Created attachment 117098 [details] [review] Possibly complete patch? I've changed the patch to use the bin->messages to store messages. I also changed it to update the structure_cookie at the start and at the end of the structure change (otherwise it still failed in some cases).
Created attachment 117247 [details] [review] updated again oops, the last patch had one case where it could try to unref a NULL..
Created attachment 117248 [details] [review] updated again oops, the last patch had one case where it could try to unref a NULL..

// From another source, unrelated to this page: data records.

(* The following hold. (1) $\alpha_*(\Sigma^* )=\mathcal Q$ and $\alpha_{\le\omega}(\Sigma^{\le\omega})=\mathcal C$ (top elements are preserved); $\alpha_*(\emptyset)=\emptyset$ and $\alpha_{\le\omega}(\emptyset)=\emptyset$. (2) For $U,U'\subseteq\Sigma^*$ and $V,V'\subseteq\Sigma^{\le\omega}$: $\alpha_*(U\cup U')=\alpha_*(U)\cup\alpha_*(U')$ and $\alpha_{\le\omega}(V\cup V')=\alpha_{\le\omega}(V)\cup\alpha_{\le\omega}(V')$. (3) $\alpha_*(U\cdot U')=\alpha_*(U)\cdot\alpha_*(U')$ and $\alpha_{\le\omega}(U\cdot V)=\alpha_*(U)\cdot\alpha_{\le\omega}(V)$. (4) If $n\ge1$, $\Phi$ is a monotone operator on $\mathcal P(\Sigma^* )^n$, $F$ is a monotone operator on $\mathcal M_*^n$, and $\alpha_*\circ\Phi=F\circ\alpha_*$ (with $\alpha_*$ applied componentwise), then $\alpha_*(\mathrm{lfp}(\Phi))=\mathrm{lfp}(F)$. (5) For every $U\subseteq\Sigma^*$: $\alpha_{\le\omega}(U^\omega)=\alpha_*(U)^\omega$.
   Context: $\Sigma$ is a finite alphabet, $\Sigma^{\le\omega}=\Sigma^*\cup\Sigma^\omega$; concatenation $w\cdot u$ equals $wu$ if $w$ is finite and $w$ if $w$ is infinite, extended pointwise to languages. For $A\subseteq\Sigma^*$, $A^\omega$ is the set of all words $w_0w_1w_2\cdots$ with $w_i\in A$, and $CD^\omega$ means $C\cdot D^\omega$. Fix an extended Büchi automaton $\mathfrak A=(Q,\Sigma,\delta,q_0,F)$ (finite states, $\delta:Q\times\Sigma\to\mathcal P(Q)$, initial $q_0$, final $F$). For $w\in\Sigma^*$ write $p\overset{w}{\leadsto}q$ if $q$ is reachable from $p$ reading $w$, and $p\overset{w}{\leadsto}_F q$ if there are $q''\in F$, $w=uv$ with $p\overset{u}{\leadsto}q''\overset{v}{\leadsto}q$. For $w,u\in\Sigma^+$, $w\sim u$ iff for all $p,q$: $p\overset{w}{\leadsto}q\Leftrightarrow p\overset{u}{\leadsto}q$ and $p\overset{w}{\leadsto}_Fq\Leftrightarrow p\overset{u}{\leadsto}_Fq$. $\mathcal Q=\Sigma^+/{\sim}\uplus\{[\epsilon]\}$ with $[\epsilon]=\{\epsilon\}$; concatenation of classes is well defined. Let $\mathcal C=\{(C,D)\mid C,D\in\mathcal Q,\ CD=C,\ DD=D\}$. Define $\mathfrak f(V)=\{(C,D)\in\mathcal C\mid CD^\omega\cap V\neq\emptyset\}$ and $\mathfrak g(\mathcal V)=\bigcup_{(C,D)\in\mathcal V}CD^\omega$; closure $\mathfrak c(\mathcal V)=\bigcup_{n\ge1}(\mathfrak f\circ\mathfrak g)^n(\mathcal V)$. $\mathcal M_{\le\omega}=\{\mathfrak c(\mathfrak f(V))\mid V\subseteq\Sigma^{\le\omega}\}$, $\mathcal M_*=\mathcal P(\mathcal Q)$, ordered by inclusion. $\alpha_*(U)=\{C\in\mathcal Q\mid C\cap U\neq\emptyset\}$, $\alpha_{\le\omega}(V)=\mathfrak c(\mathfrak f(V))$, $\gamma_*(\mathcal U)=\bigcup_{C\in\mathcal U}C$, $\gamma_{\le\omega}(\mathcal V)=\mathfrak g(\mathcal V)$. Abstract operations: for $\mathcal U,\mathcal U'\in\mathcal M_*$, $\mathcal U\cdot\mathcal U'=\{CC'\mid C\in\mathcal U,C'\in\mathcal U'\}$; for $\mathcal U\in\mathcal M_*$, $\mathcal V\in\mathcal M_{\le\omega}$, $\mathcal U\cdot\mathcal V=\{(AC,D)\mid A\in\mathcal U,(C,D)\in\mathcal V\}$; for $\mathcal U\in\mathcal M_*$, $\mathcal U^\omega:=\alpha_{\le\omega}(\gamma_*(\mathcal U)^\omega)$. *)

From mathcomp Require Import all_boot.
Set Implicit Arguments. Unset Strict Implicit. Unset Printing Implicit Defensive.

Inductive word (Sigma : Type) : Type :=
  | Fin of seq Sigma
  | Inf of (nat -> Sigma).
Arguments Fin {Sigma}. Arguments Inf {Sigma}.

Definition lfp (I A : Type) (Phi : (I -> A -> Prop) -> I -> A -> Prop)
  : I -> A -> Prop :=
  fun i a => forall X : I -> A -> Prop,
      (forall j b, Phi X j b -> X j b) -> X i a.

Definition monotone_op (I A : Type) (Phi : (I -> A -> Prop) -> I -> A -> Prop) :=
  forall X Y : I -> A -> Prop, (forall i a, X i a -> Y i a) ->
    forall i a, Phi X i a -> Phi Y i a.

Section Words.
Variable Sigma : Type.
Definition lang := seq Sigma -> Prop.
Definition olang := word Sigma -> Prop.

Definition app (u : seq Sigma) (w : word Sigma) : word Sigma :=
  match w with
  | Fin v => Fin (u ++ v)
  | Inf x => Inf (fun n => if n < size u then nth (x 0) u n else x (n - size u))
  end.

Definition catF (U U' : lang) : lang :=
  fun w => exists u u', [/\ U u, U' u' & w = u ++ u'].

Definition catL (U : lang) (V : olang) : olang :=
  fun w => exists u v, [/\ U u, V v & w = app u v].

Definition pref (ws : nat -> seq Sigma) (N : nat) : seq Sigma :=
  flatten [seq ws i | i <- iota 0 N].

Definition concat_inf (ws : nat -> seq Sigma) (w : word Sigma) : Prop :=
  match w with
  | Fin u => exists N, (forall i, N <= i -> ws i = [::]) /\ u = pref ws N
  | Inf x => (forall N, exists2 i, N <= i & ws i <> [::]) /\
             (forall N j, j < size (pref ws N) -> nth (x j) (pref ws N) j = x j)
  end.

Definition omega (A : lang) : olang :=
  fun w => exists ws : nat -> seq Sigma, (forall i, A (ws i)) /\ concat_inf ws w.
End Words.

Section Automaton.
Local Unset Implicit Arguments.
Variables (Sigma Q : finType) (delta : Q -> Sigma -> {set Q}) (F : {set Q}).

Fixpoint reach (p : Q) (w : seq Sigma) (q : Q) : bool :=
  match w with
  | [::] => p == q
  | a :: w' => [exists r in delta p a, reach r w' q]
  end.

Definition reachF (p : Q) (w : seq Sigma) (q : Q) : Prop :=
  exists u v q'', [/\ w = u ++ v, q'' \in F, reach p u q'' & reach q'' v q].

Definition sim (w u : seq Sigma) : Prop :=
  [/\ w <> [::], u <> [::] &
      forall p q, (reach p w q <-> reach p u q) /\ (reachF p w q <-> reachF p u q)].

Last patch starts to look good to me. There is one last thing, when we remove the element from the bin we would need to remove all the pads that still have pending messages of this element. While the pad always posts both start/done message pairs, it's possible that the element is removed from the bin before the done message is posted, leaing the start message in the bin still. It'll cause a leak because the pad cannot be finalized because the message has a ref to it. I would propose to add the element to the message structure for this purpose. Update to patch welcome or wait till I take a look at this after the freeze.
Commited with some updates. Based on Patch by: Olivier Crete <tester at tester dot ca> * gst/gstbin.c: (gst_bin_init), (gst_bin_add_func), (gst_bin_remove_func), (update_degree), (gst_bin_sort_iterator_new), (gst_bin_handle_message_func): Keep track of pads that are being linked/unlinked and resync the state changes. * gst/gstpad.c: (gst_pad_get_direction), (gst_pad_set_chain_function), (gst_pad_set_getrange_function), (gst_pad_set_checkgetrange_function), (gst_pad_unlink), (gst_pad_link_prepare), (gst_pad_link), (gst_pad_event_default_dispatch), (gst_pad_chain), (gst_pad_push), (gst_pad_check_pull_range), (gst_pad_get_range), (gst_pad_pull_range): Some code cleanups, use macros to check pad direction. Don't need to take the lock on the pad direction. Post structure change when pads are linked/unlinked. Change some checks into _return_if_fail(). * tests/check/gst/gstbin.c: (test_link_structure_change_state_changed_sync_cb), (GST_START_TEST), (gst_bin_suite): Add testcase for pad link/unlinke resync during a state change. Fixes #510354. * docs/gst/gstreamer-sections.txt: * gst/gstmessage.c: (gst_message_new_structure_change), (gst_message_parse_structure_change): * gst/gstmessage.h: Implement STRUCTURE_CHANGED messages. These messages will be used to signal the parent bin of link/unlink operations that could require a resync when doing a state change. See ##510354. API: gst_message_new_structure_change() API: gst_message_parse_structure_change() * gst/gstquark.c: * gst/gstquark.h: Add some more quarks for new message. See #510354.